▶ [Work instruction]:
Produce an exact copy of the lines from the line containing "Section ConvexProjection." through the last line of the entries below, and only those lines.

▶ [Data for processing]:
Lemma le_of_le_add_inv_succ (x y K : R) : (forall k, x <= y + K * inv_succ k) -> x <= y.
Proof.
move=> xy; apply/ler_addgt0Pr => e e0; have [k Kk] := inv_succ_small K e0.
by apply: le_trans (xy k) _; rewrite lerD2l ltW.
Qed.

Lemma le_of_le_addMr (x y M : R) : 0 <= M -> (forall e, 0 < e -> x <= y + e * M) -> x <= y.
Proof.
move=> M0 xy; apply/ler_addgt0Pr => d d0; have M1 : 0 < M + 1 by lra.
apply: le_trans (xy _ (divr_gt0 d0 M1)) _; rewrite lerD2l mulrAC ler_pdivrMr //.
by rewrite ler_pM2l //; lra.
Qed.

(* Completeness of [R], through the infimum of the upper estimates [u m + c m]. *)
Lemma cauchy_lim (u c : nat -> R) :
  (forall k, 0 <= c k) ->
  (forall k m, (k <= m)%N -> `|u k - u m| <= c k) ->
  exists L, forall k, `|u k - L| <= c k.
Proof.
move=> c0 uc; pose S := [set u m + c m | m in [set: nat]].
have S0 : S !=set0 by exists (u 0%N + c 0%N); exists 0%N.
have S_lb k : lbound S (u k - c k).
  move=> _ [m _ <-]; case: (leqP k m) => [km|/ltnW mk].
    by have := uc k m km; have := c0 m; rewrite ler_norml; lra.
  by have := uc m k mk; have := c0 k; rewrite ler_norml; lra.
exists (inf S) => k; rewrite ler_norml; apply/andP; split.
  have : inf S <= u k + c k by apply: ge_inf; [exists (u k - c k)|exists k].
  lra.
by have := lb_le_inf S0 (S_lb k); lra.
Qed.

End RealBounds.

Section ConvexProjection.
Variables (R : realType) (n : nat).
Notation vec := 'cV[R]_n.
Notation N x := (dotv x x).
Implicit Types (C : set vec) (a b p y z : vec).

Lemma vec_cauchy_lim (a : nat -> vec) (c : nat -> R) :
  (forall k, 0 <= c k) ->
  (forall k m, (k <= m)%N -> N (a k - a m) <= c k ^+ 2) ->
  exists p, forall k, N (a k - p) <= n%:R * c k ^+ 2.
Proof.
move=> c0 ac.
have coord_cauchy i k m : (k <= m)%N -> `|a k i 0 - a m i 0| <= c k.
  move=> km; have := le_trans (sqr_coord_le_dotvv (a k - a m) i) (ac k m km).
  by rewrite !mxE => h; rewrite -ler_sqr ?nnegrE // real_normK ?num_real.
have [L aL] := choice (fun i => cauchy_lim c0 (coord_cauchy i)).
by exists (\col_i L i) => k; apply: dotvv_le_coord_bound => i; rewrite !mxE.
Qed.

▶ [Your response]:
Section ConvexProjection.
Variables (R : realType) (n : nat).
Notation vec := 'cV[R]_n.
Notation N x := (dotv x x).
Implicit Types (C : set vec) (a b p y z : vec).

Lemma vec_cauchy_lim (a : nat -> vec) (c : nat -> R) :
  (forall k, 0 <= c k) ->
  (forall k m, (k <= m)%N -> N (a k - a m) <= c k ^+ 2) ->
  exists p, forall k, N (a k - p) <= n%:R * c k ^+ 2.
Proof.
move=> c0 ac.
have coord_cauchy i k m : (k <= m)%N -> `|a k i 0 - a m i 0| <= c k.
  move=> km; have := le_trans (sqr_coord_le_dotvv (a k - a m) i) (ac k m km).
  by rewrite !mxE => h; rewrite -ler_sqr ?nnegrE // real_normK ?num_real.
have [L aL] := choice (fun i => cauchy_lim c0 (coord_cauchy i)).
by exists (\col_i L i) => k; apply: dotvv_le_coord_bound => i; rewrite !mxE.
Qed.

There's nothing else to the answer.